Note that both return a long value.
It's a bit pointless in Java measuring time down to the nanosecond scale; an occasional GC hit will easily wipe out any kind of accuracy this may have given. In any case, the documentation states that whilst it gives nanosecond precision, it's not the same thing as nanosecond accuracy; and there are operating systems which don't report nanoseconds in any case (which is why you'll find answers quantized to 1000 when accessing them; it's not luck, it's limitation).
Not only that, but depending on how the feature is actually implemented by the OS, you might find quantized results coming through anyway (e.g. answers that always end in 64 or 128 instead of intermediate values).
It's also worth noting that the purpose of the method is to find the two time differences between some (nearby) start time and now; if you take System.nanoTime() at the start of a long-running application and then take System.nanoTime() a long time later, it may have drifted quite far from real time. So you should only really use it for periods of less than 1s; if you need a longer running time than that, milliseconds should be enough. (And if it's not, then make up the last few numbers; you'll probably impress clients and the result will be just as valid.)
Unfortunately, I don't think java RTS is mature enough at this moment.
Java time does try to provide best value (they actually delegate the native code to call get the kernal time). However, JVM specs make this coarse time measurement disclaimer mainly for things like GC activities, and support of underlying system.

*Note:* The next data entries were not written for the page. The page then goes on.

Lemma sqr_hnorm (x : H) : hnorm x ^+ 2 = reinner x x.
Proof. by rewrite sqr_sqrtr // reinner_ge0. Qed.

Lemma hnorm_eq0 (x : H) : hnorm x = 0 -> x = 0.
Proof.
move=> x0; apply: hinner_eq0.
by rewrite hinner_diag -sqr_hnorm x0 expr0n.
Qed.

Lemma hnorm_distC (x y : H) : hnorm (x - y) = hnorm (y - x).
Proof.
rewrite /hnorm /sq_norm_of -!/(reinner _ _) -opprB.
by rewrite reinnerNl reinnerC reinnerNl opprK.
Qed.

Lemma reinner_le_hnormM (x y : H) : reinner x y <= hnorm x * hnorm y.
Proof.
set a := hnorm x; set b := hnorm y.
have [a0|a_neq0] := eqVneq a 0; first by rewrite (hnorm_eq0 _ a0) reinner0l a0 mul0r.
have [b0|b_neq0] := eqVneq b 0.
  by rewrite (hnorm_eq0 _ b0) reinnerC reinner0l b0 mulr0.
have ab_gt0 : 0 < a * b by rewrite mulr_gt0 // lt0r ?a_neq0 ?b_neq0 hnorm_ge0.
(* [0 <= |b x - a y|^2 = 2 a b (a b - <x, y>)] *)
have := reinner_ge0 (b%:C%C *: x + (- a)%:C%C *: y).
rewrite reinner_linearl !reinner_linearr !reinnerZl !reinnerZr.
rewrite -!sqr_hnorm -/a -/b (reinnerC y x) => expand_ge0.
rewrite -subr_ge0 -(pmulr_rge0 _ ab_gt0); nra.
Qed.

Lemma orth_proj_sym {V : set H} {P : H -> H} : is_orth_proj V P ->
  forall x y : H, reinner (P x) y = reinner x (P y).
Proof.
move=> projP x y.
have [VPx orth_x] := projP x; have [VPy orth_y] := projP y.
have ex : reinner (x - P x) (P y) = 0 by rewrite /reinner orth_x.
have ey : reinner (y - P y) (P x) = 0 by rewrite /reinner orth_y.
rewrite reinnerBl in ex; rewrite reinnerBl (reinnerC (P y)) in ey.
by rewrite reinnerC; lra.
Qed.

End RealInnerProduct.

Lemma hnorm_tm_tens (R : realType) (H K : hilbert R) (TM : tensor_model H K)
  (f : H) (g : K) : hnorm (tm_tens TM f g) = hnorm f * hnorm g.
Proof.
rewrite /hnorm /sq_norm_of tm_inner !hinner_diag -rmorphM /=.
by rewrite sqrtrM // reinner_ge0.
Qed.

Lemma ge0_esumZl (R : realType) (T : choiceType) (I : set T) (r : R)
  (a : T -> \bar R) : 0 <= r -> (forall i, 0 <= a i)%E ->
  (\esum_(i in I) (r%:E * a i) = r%:E * \esum_(i in I) a i)%E.
Proof.
move=> r_ge0 a_ge0; rewrite /esum -ereal_supZl //; last first.
  by apply/set0P; exists 0%E, set0; [exact: fsets_set0 | rewrite fsbig_set0].
rewrite image_comp; congr ereal_sup; apply: eq_imagel => A _ /=.
by rewrite ge0_mule_fsumr.
Qed.

Lemma esum_ge_sum (R : realType) (T : choiceType) (I : set T) (a : T -> R)
  (F : seq T) :
  uniq F -> (forall i, i \in F -> I i) ->
  ((\sum_(i <- F) a i)%:E <= \esum_(i in I) (a i)%:E)%E.
Proof.
move=> uF FI; apply: esum_ge; exists [set` F].
  by split; [exact: finite_seq | move=> i /= /FI].
by rewrite -sumEFin fsbig_seq.
Qed.

Lemma le_of_approx_sum_mul {R : realType} {I : set int} {x y : int -> R}
  {N S c t : R} : 0 <= N -> 0 < t -> c <= t ->
  (forall F, uniq F -> (forall i, i \in F -> I i) -> \sum_(i <- F) x i ^+ 2 <= S) ->
  (forall F, uniq F -> (forall i, i \in F -> I i) -> \sum_(i <- F) y i ^+ 2 <= c * N) ->
  (forall e, 0 < e -> exists F, [/\ uniq F, (forall i, i \in F -> I i) &
      N <= \sum_(i <- F) x i * y i + e]) ->
  N <= t * S.
Proof.
move=> N_ge0 t_gt0 ct sumx sumy approx.
apply/ler_addgt0Pr => e e_gt0.
have [F [uF FI NF]] := approx (e / 2) ltac:(by rewrite divr_gt0).
have amgm : \sum_(i <- F) x i * y i <=
    (t * \sum_(i <- F) x i ^+ 2 + (\sum_(i <- F) y i ^+ 2) / t) / 2.
  rewrite mulr_sumr mulr_suml -big_split mulr_suml /=.
  apply: ler_sum => i _.
  have -> : (t * x i ^+ 2 + y i ^+ 2 / t) / 2 =
      x i * y i + (t * x i - y i) ^+ 2 / (2 * t) by field; rewrite gt_eqF.
  by rewrite lerDl divr_ge0 ?sqr_ge0 // mulr_ge0 // ltW.
have Sx : t * \sum_(i <- F) x i ^+ 2 <= t * S by rewrite ler_pM2l // sumx.
have Sy : (\sum_(i <- F) y i ^+ 2) / t <= N.
  by rewrite ler_pdivrMr //; apply: le_trans (sumy F uF FI) _; rewrite mulrC ler_wpM2l.
lra.
Qed.

Section GFusionFrame.
Context {R : realType} {H : hilbert R} {Hs : int -> hilbert R}.
Variable I : set int.

Definition gf_coef (P : int -> H -> H) (L : forall i, H -> Hs i) (v : int -> R)
  (f : H) (i : int) : R := v i * hnorm (L i (P i f)).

Certain GC activities will block all threads even if you are running concurrent GC.
default linux clock tick precision is only 10ms. Java cannot make it any better if linux kernal does not support.

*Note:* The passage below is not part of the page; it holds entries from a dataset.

Lemma whisker_l_vcomp (a b c : K) (L : hom b c) (x y : cell a b) :
  tgt2 y = src2 x -> hcomp (id2 L) (vcomp x y) = vcomp (hcomp (id2 L) x) (hcomp (id2 L) y).
Proof.
  intros E. rewrite vcomp_hcomp, vcomp_id2_id2; auto. rewrite src2_id2, tgt2_id2; reflexivity.
Qed.
Lemma whisker_r_vcomp (a b c : K) (R : hom a b) (x y : cell b c) :
  tgt2 y = src2 x -> hcomp (vcomp x y) (id2 R) = vcomp (hcomp x (id2 R)) (hcomp y (id2 R)).
Proof.
  intros E. rewrite vcomp_hcomp, vcomp_id2_id2; auto. rewrite src2_id2, tgt2_id2; reflexivity.
Qed.
Lemma hcomp_split_l (a b c : K) (x : cell b c) (y : cell a b) :
  hcomp x y = vcomp (hcomp x (id2 (tgt2 y))) (hcomp (id2 (src2 x)) y).
Proof.
  rewrite vcomp_hcomp by (rewrite ?src2_id2, ?tgt2_id2; reflexivity).
  rewrite (vcomp_id_r _ HK), (vcomp_id_l _ HK). reflexivity.
Qed.
Lemma hcomp_split_r (a b c : K) (x : cell b c) (y : cell a b) :
  hcomp x y = vcomp (hcomp (id2 (tgt2 x)) y) (hcomp x (id2 (src2 y))).
Proof.
  rewrite vcomp_hcomp by (rewrite ?src2_id2, ?tgt2_id2; reflexivity).
  rewrite (vcomp_id_r _ HK), (vcomp_id_l _ HK). reflexivity.
Qed.
End StrictTwoCategory.

(* Marks an equation that the normalisation tactics below use as a left-to-right rewrite
   rule (typically [t = v f] and [mu = v eps f] for an Eilenberg-Moore adjunction). *)
Definition hom_rule (P : Prop) : Prop := P.
Lemma hom_ruleI (P : Prop) : P -> hom_rule P. Proof. exact (fun x => x). Qed.

Ltac hom_rules :=
  repeat match goal with H : hom_rule (?x = ?y) |- context [?x] => rewrite (H : x = y) end.
Ltac hom_rules_in H := repeat match goal with E : hom_rule (?x = ?y) |- _ =>
    match type of H with context [x] => rewrite (E : x = y) in H end end.
Ltac hom_assoc :=
  rewrite ?comp1_id1l, ?comp1_id1r; rewrite <- ?comp1_assoc; rewrite ?comp1_id1l, ?comp1_id1r.
Ltac hom_eq :=
  first [ reflexivity
        | hom_assoc; reflexivity
        | hom_rules; repeat first [ rewrite comp1_id1l | rewrite comp1_id1r | rewrite <- comp1_assoc ];
          reflexivity ].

I haven't figured out how to address #1 unless your app does not need to do GC. A decent and med size application probably and occasionally spends like tens of milliseconds on GC pauses. You are probably out of luck if your precision requirement is lower 10ms.
As for #2, You can tune the linux kernal to give more precision. However, you are also getting less out of your box because now kernal context switch more often.

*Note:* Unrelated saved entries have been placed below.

(* Let $X$ be a toric Fano cone singularity given by a full-dimensional simplicial cone $\sigma\subset N_\mathbb{R}$ with primitive ray generators $v_1,\dots,v_n$ (an $\mathbb{R}$-basis of $N_\mathbb{R}$), and let $\xi$ be in the interior of $\sigma$. Then $(X,\xi)$ is K-stable if and only if $\xi$ is a positive multiple of $v_1+\dots+v_n$. In particular every toric Sasaki-Einstein structure on a rational homology sphere is quasi-regular.
   Context: For a toric cone singularity, K-stability of the polarised pair $(X,\xi)$ is equivalent to the condition that $\hat\xi=\xi/\langle u^*,\xi\rangle$ is a critical point of the volume function $w\mapsto\mathrm{Vol}(\sigma^\vee(w))$ restricted to the affine hyperplane $\{w:\langle u^*,w\rangle=1\}$, where $\sigma^\vee(w)=\{u\in\sigma^\vee:\langle u,w\rangle\le1\}$ and the canonical weight $u^*\in M_\mathbb{R}$ is defined by $\langle u^*,v_\rho\rangle=1$ for all primitive ray generators $v_\rho$ of $\sigma$. A Sasakian structure (with Reeb field $\xi$) is quasi-regular if $\xi$ is a positive real multiple of an element of $N_\mathbb{Q}$. *)

From Stdlib Require Import Reals Lra Lia ZArith QArith Qreals List Classical ClassicalEpsilon.
Open Scope R_scope.

(* Vectors of N_R = M_R = R^n are functions nat -> R; only coordinates j < n matter.
   The lattice N = M = Z^n. *)

Fixpoint rsum (n : nat) (f : nat -> R) : R :=
  match n with
  | O => 0
  | S k => rsum k f + f k
  end.

Definition dot (n : nat) (u w : nat -> R) : R := rsum n (fun j => u j * w j).

Definition zvec (z : nat -> Z) : nat -> R := fun j => IZR (z j).

Definition primitive_vec (n : nat) (z : nat -> Z) : Prop :=
  forall d : Z, (forall j, (j < n)%nat -> (d | z j)%Z) -> Z.abs d = 1%Z.

Definition lin_indep (n : nat) (v : nat -> nat -> Z) : Prop :=
  forall c : nat -> R,
    (forall j, (j < n)%nat -> rsum n (fun i => c i * IZR (v i j)) = 0) ->
    forall i, (i < n)%nat -> c i = 0.

Definition in_sigma (n : nat) (v : nat -> nat -> Z) (y : nat -> R) : Prop :=
  exists a : nat -> R, (forall i, (i < n)%nat -> 0 <= a i) /\
    forall j, (j < n)%nat -> y j = rsum n (fun i => a i * IZR (v i j)).

Definition in_interior_sigma (n : nat) (v : nat -> nat -> Z) (xi : nat -> R) : Prop :=
  exists eps, 0 < eps /\
    forall y : nat -> R, (forall j, (j < n)%nat -> Rabs (y j - xi j) < eps) ->
      in_sigma n v y.

Definition in_dual (n : nat) (v : nat -> nat -> Z) (u : nat -> R) : Prop :=
  forall y, in_sigma n v y -> 0 <= dot n u y.

Definition dual_trunc (n : nat) (v : nat -> nat -> Z) (w : nat -> R) (u : nat -> R) : Prop :=
  in_dual n v u /\ dot n u w <= 1.

(* Volume (Jordan content) of K in R^n, w.r.t. the lattice Z^n:
   V = lim_{m -> oo} #{ z in Z^n : z/m in K } / m^n. *)
Definition lattice_pt (n : nat) (z : list Z) (m : nat) : nat -> R :=
  fun j => IZR (nth j z 0%Z) / INR m.

Definition has_volume (n : nat) (K : (nat -> R) -> Prop) (V : R) : Prop :=
  forall eps, 0 < eps -> exists M : nat, forall m : nat, (M <= m)%nat -> (1 <= m)%nat ->
    exists L : list (list Z), NoDup L /\
      (forall z, In z L <-> (length z = n /\ K (lattice_pt n z m))) /\
      Rabs (INR (length L) / (INR m ^ n) - V) < eps.

(* Vol(K): the volume if it exists (unique), else an arbitrary value *)
Definition Vol (n : nat) (K : (nat -> R) -> Prop) : R :=
  epsilon (inhabits 0) (has_volume n K).

Definition volfun (n : nat) (v : nat -> nat -> Z) (w : nat -> R) : R :=
  Vol n (dual_trunc n v w).

Definition canonical_weight (n : nat) (v : nat -> nat -> Z) (ustar : nat -> R) : Prop :=
  forall i, (i < n)%nat -> dot n ustar (zvec (v i)) = 1.

Definition critical_on_hyperplane (n : nat) (f : (nat -> R) -> R) (ustar w0 : nat -> R) : Prop :=
  dot n ustar w0 = 1 /\
  forall h : nat -> R, dot n ustar h = 0 ->
    derivable_pt_lim (fun t => f (fun j => w0 j + t * h j)) 0 0.

(* K-stability of (X_sigma, xi) for the toric cone singularity (via the
   volume-minimisation characterisation given in the paper) *)
Definition Kstable (n : nat) (v : nat -> nat -> Z) (xi : nat -> R) : Prop :=
  exists ustar, canonical_weight n v ustar /\
    critical_on_hyperplane n (volfun n v) ustar
      (fun j => xi j / dot n ustar xi).

Definition quasi_regular (n : nat) (xi : nat -> R) : Prop :=
  exists c : R, 0 < c /\ exists q : nat -> Q, forall j, (j < n)%nat -> xi j = c * Q2R (q j).

From Stdlib Require Import Reals ZArith QArith Qreals Lra Lia List ClassicalEpsilon.
From mathcomp Require ssreflect ssrfun ssrbool eqtype ssrnat seq fintype bigop ssralg matrix Rstruct.
Open Scope R_scope.

(* In the coordinates [b_i] of [w] in the basis [v_i], the truncated dual cone
   is the simplex [{u | <u, v_i> >= 0, sum_i b_i <u, v_i> <= 1}].  Through
   [z |-> (<z, v_i>)_i] its lattice points become the points of the pairing
   lattice in [{k >= 0 | sum_i b_i k_i <= m}]; this lattice contains [D Z^n]
   for [D = det(v)^2], so counting residues modulo [D] and the points of a
   dilated standard simplex gives [Vol = Q / prod_i b_i] with [Q > 0]
   independent of [w].  On the hyperplane [<u^*, w> = 1], i.e. [sum_i b_i = 1],
   the function [1 / prod_i b_i] is critical exactly where all [b_i] agree,
   that is where [xi] is a multiple of the integral vector [sum_i v_i]. *)

(** * Finite sums *)

Lemma rsum_ext n f g : (forall i, (i < n)%nat -> f i = g i) -> rsum n f = rsum n g.
Proof.
induction n; intros H; simpl; auto.
rewrite IHn by (intros; apply H; lia). rewrite H by lia. reflexivity.
Qed.

Lemma rsum_add n f g : rsum n (fun i => f i + g i) = rsum n f + rsum n g.
Proof. induction n; simpl; [lra|]. rewrite IHn; lra. Qed.

Lemma rsum_scal n c f : rsum n (fun i => c * f i) = c * rsum n f.
Proof. induction n; simpl; [lra|]. rewrite IHn; lra. Qed.

Lemma rsum_opp n f : rsum n (fun i => - f i) = - rsum n f.
Proof. induction n; simpl; [lra|]. rewrite IHn; lra. Qed.

Lemma rsum_sub n f g : rsum n (fun i => f i - g i) = rsum n f - rsum n g.
Proof.
unfold Rminus. rewrite rsum_add, rsum_opp. reflexivity.
Qed.

Lemma rsum_zero n : rsum n (fun _ => 0) = 0.
Proof. induction n; simpl; [lra|]. rewrite IHn; lra. Qed.

Lemma rsum_comm n m (f : nat -> nat -> R) :
  rsum n (fun i => rsum m (fun j => f i j)) = rsum m (fun j => rsum n (fun i => f i j)).
Proof.
induction n; simpl.
- symmetry. apply rsum_zero.
- rewrite IHn, <- rsum_add. reflexivity.
Qed.

Lemma rsum_ge0 n f : (forall i, (i < n)%nat -> 0 <= f i) -> 0 <= rsum n f.
Proof.
induction n; intros H; simpl; [lra|].
assert (0 <= f n) by (apply H; lia).
assert (0 <= rsum n f) by (apply IHn; intros; apply H; lia). lra.
Qed.

Lemma rsum_le n f g : (forall i, (i < n)%nat -> f i <= g i) -> rsum n f <= rsum n g.
Proof.
induction n; intros H; simpl; [lra|].
assert (f n <= g n) by (apply H; lia).
assert (rsum n f <= rsum n g) by (apply IHn; intros; apply H; lia). lra.
Qed.

Lemma rsum_term_le n f j :
  (j < n)%nat -> (forall i, (i < n)%nat -> 0 <= f i) -> f j <= rsum n f.
Proof.
induction n; intros Hj H; [lia|]. simpl.
assert (0 <= f n) by (apply H; lia).
destruct (Nat.eq_dec j n) as [->|].
- assert (0 <= rsum n f) by (apply rsum_ge0; intros; apply H; lia). lra.
- assert (f j <= rsum n f) by (apply IHn; [lia|intros; apply H; lia]). lra.
Qed.

Definition kron (i k : nat) : R := if Nat.eqb i k then 1 else 0.

Lemma kron_sym i k : kron i k = kron k i.
Proof. unfold kron. rewrite Nat.eqb_sym. reflexivity. Qed.

Lemma rsum_kron n i f : (i < n)%nat -> rsum n (fun k => kron k i * f k) = f i.
Proof.
induction n; intros H; [lia|]. simpl. unfold kron at 2.
destruct (Nat.eqb_spec n i) as [->|].
- rewrite (rsum_ext _ _ (fun _ => 0)), rsum_zero; [lra|].
  intros k Hk. unfold kron. destruct (Nat.eqb_spec k i); [lia|lra].
- rewrite IHn by lia. lra.
Qed.

Lemma rsum_shift n f : rsum (S n) f = f 0%nat + rsum n (fun i => f (S i)).
Proof. induction n; simpl in *; [lra|]. rewrite IHn. lra. Qed.

Lemma rsum_telescope K (F : nat -> R) : rsum K (fun j => F j - F (S j)) = F 0%nat - F K.
Proof. induction K; simpl; [lra|]. rewrite IHK. lra. Qed.

Fixpoint rprod (n : nat) (f : nat -> R) : R :=
  match n with O => 1 | S k => rprod k f * f k end.

Lemma rprod_ext n f g : (forall i, (i < n)%nat -> f i = g i) -> rprod n f = rprod n g.
Proof.
induction n; intros H; simpl; auto.
rewrite IHn by (intros; apply H; lia). rewrite H by lia. reflexivity.
Qed.

Lemma rprod_pos n f : (forall i, (i < n)%nat -> 0 < f i) -> 0 < rprod n f.
Proof.
induction n; intros H; simpl; [lra|].
apply Rmult_lt_0_compat; [apply IHn; intros|]; apply H; lia.
Qed.

Lemma rprod_scal n c f : rprod n (fun i => c * f i) = c ^ n * rprod n f.
Proof. induction n; simpl; [lra|]. rewrite IHn. ring. Qed.

Fixpoint zsum (n : nat) (f : nat -> Z) : Z :=
  match n with O => 0%Z | S k => (zsum k f + f k)%Z end.

Lemma zsum_IZR n f : IZR (zsum n f) = rsum n (fun i => IZR (f i)).
Proof. induction n; simpl; auto. rewrite plus_IZR, IHn. auto. Qed.

Lemma nth_map_seq {A} (f : nat -> A) n i d :
  (i < n)%nat -> nth i (map f (seq 0 n)) d = f i.
Proof.
intros H. rewrite nth_indep with (d' := f 0%nat) by (rewrite length_map, length_seq; auto).
rewrite map_nth, seq_nth by auto. auto.
Qed.

Lemma fold_Rplus_map_seq f n : fold_right Rplus 0 (map f (seq 0 n)) = rsum n f.
Proof.
induction n; [reflexivity|].
rewrite seq_S, map_app, fold_right_app. simpl. rewrite <- IHn.
generalize (map f (seq 0 n)). intros l; induction l; simpl; [lra|]. rewrite IHl. lra.
Qed.

Lemma fold_Rmult_map_seq f n : fold_right Rmult 1 (map f (seq 0 n)) = rprod n f.
Proof.
induction n; [reflexivity|].
rewrite seq_S, map_app, fold_right_app. simpl. rewrite <- IHn.
generalize (map f (seq 0 n)). intros l; induction l; simpl; [lra|]. rewrite IHl. lra.
Qed.

Lemma length_flat_map_seq {A B} (f : A -> list B) (g : nat -> A) K :
  INR (length (flat_map f (map g (seq 0 K)))) = rsum K (fun j => INR (length (f (g j)))).
Proof.
induction K; [reflexivity|].
rewrite seq_S, map_app, flat_map_app, length_app, plus_INR, IHK.
simpl. rewrite app_nil_r. auto.
Qed.

Lemma length_flat_map_bounds {A B} (f : A -> list B) l lo hi :
  (forall x, In x l -> lo <= INR (length (f x)) <= hi) ->
  INR (length l) * lo <= INR (length (flat_map f l)) <= INR (length l) * hi.
Proof.
induction l as [|a l IH]; intros H; cbn [flat_map length]; [simpl; lra|].
rewrite length_app, plus_INR, S_INR.
assert (IHl := IH (fun x Hx => H x (or_intror Hx))).
assert (Ha := H a (or_introl eq_refl)). lra.
Qed.

Lemma NoDup_flat_map {A B} (f : A -> list B) (l : list A) :
  NoDup l -> (forall x, In x l -> NoDup (f x)) ->
  (forall x y b, In x l -> In y l -> In b (f x) -> In b (f y) -> x = y) ->
  NoDup (flat_map f l).
Proof.
induction l as [|a l IH]; intros Hl Hf Hd; simpl; [constructor|].
inversion Hl; subst. apply NoDup_app.
- apply Hf; simpl; auto.
- apply IH; auto.
  + intros; apply Hf; simpl; auto.
  + intros; eapply Hd; simpl; eauto.
- intros b Hb Hb'. apply in_flat_map in Hb'. destruct Hb' as [y [Hy Hby]].
  assert (a = y) by (eapply Hd; simpl; eauto). subst. auto.
Qed.

Lemma NoDup_map_inj {A B} (f : A -> B) l : NoDup l ->
  (forall x y, In x l -> In y l -> f x = f y -> x = y) -> NoDup (map f l).
Proof. intros H1 H2. apply NoDup_map_NoDup_ForallPairs. 2: exact H1. intros x y Hx Hy; apply H2; auto. Qed.

Lemma NoDup_map_cons_flat_map (f : nat -> list (list nat)) K :
  (forall a, NoDup (f a)) -> NoDup (flat_map (fun a => map (cons a) (f a)) (seq 0 K)).
Proof.
intros Hf. apply NoDup_flat_map; [apply seq_NoDup| |].
- intros a _. apply NoDup_map_inj; auto. intros y z _ _ H; inversion H; auto.
- intros a b l _ _ Ha Hb. apply in_map_iff in Ha, Hb.
  destruct Ha as [? [<- _]], Hb as [? [E _]]. inversion E; auto.
Qed.

Lemma nth_ext_n {A} n (l l' : list A) d : length l = n -> length l' = n ->
  (forall i, (i < n)%nat -> nth i l d = nth i l' d) -> l = l'.
Proof. intros H1 H2 H. apply nth_ext with d d; [lia|]. intros i Hi. apply H. lia. Qed.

Perhaps, we should look at it different angle. Is there a reason that OPS needs precision of 10ms of lower? Is it okay to tell Ops that precision is at 10ms AND also look at the GC log at that time, so they know the time is +-10ms accurate without GC activity around that time?
If you are looking to record some type of phenomenon on the order of nanoseconds, what you really need is a real-time operating system. The accuracy of the timer will greatly depend on the operating system's implementation of its high resolution timer and the underlying hardware.
However, you can still stay with Java since there are RTOS versions available.
JNI:
Create a simple function to access the Intel RDTSC instruction or the PMCCNTR register of co-processor p15 in ARM.
Pure Java:
You can possibly get better values if you are willing to delay until a clock tick. You can spin checking System.nanoTime() until the value changes. If you know for instance that the value of System.nanoTime() changes every 10000 loop iterations on your platform by amount DELTA then the actual event time was finalNanoTime-DELTA*ITERATIONS/10000. You will need to "warm-up" the code before taking actual measurements.
Hack (for profiling, etc, only):
If garbage collection is throwing you off you could always measure the time using a high-priority thread running in a second jvm which doesn't create objects. Have it spin incrementing a long in shared memory which you use as a clock.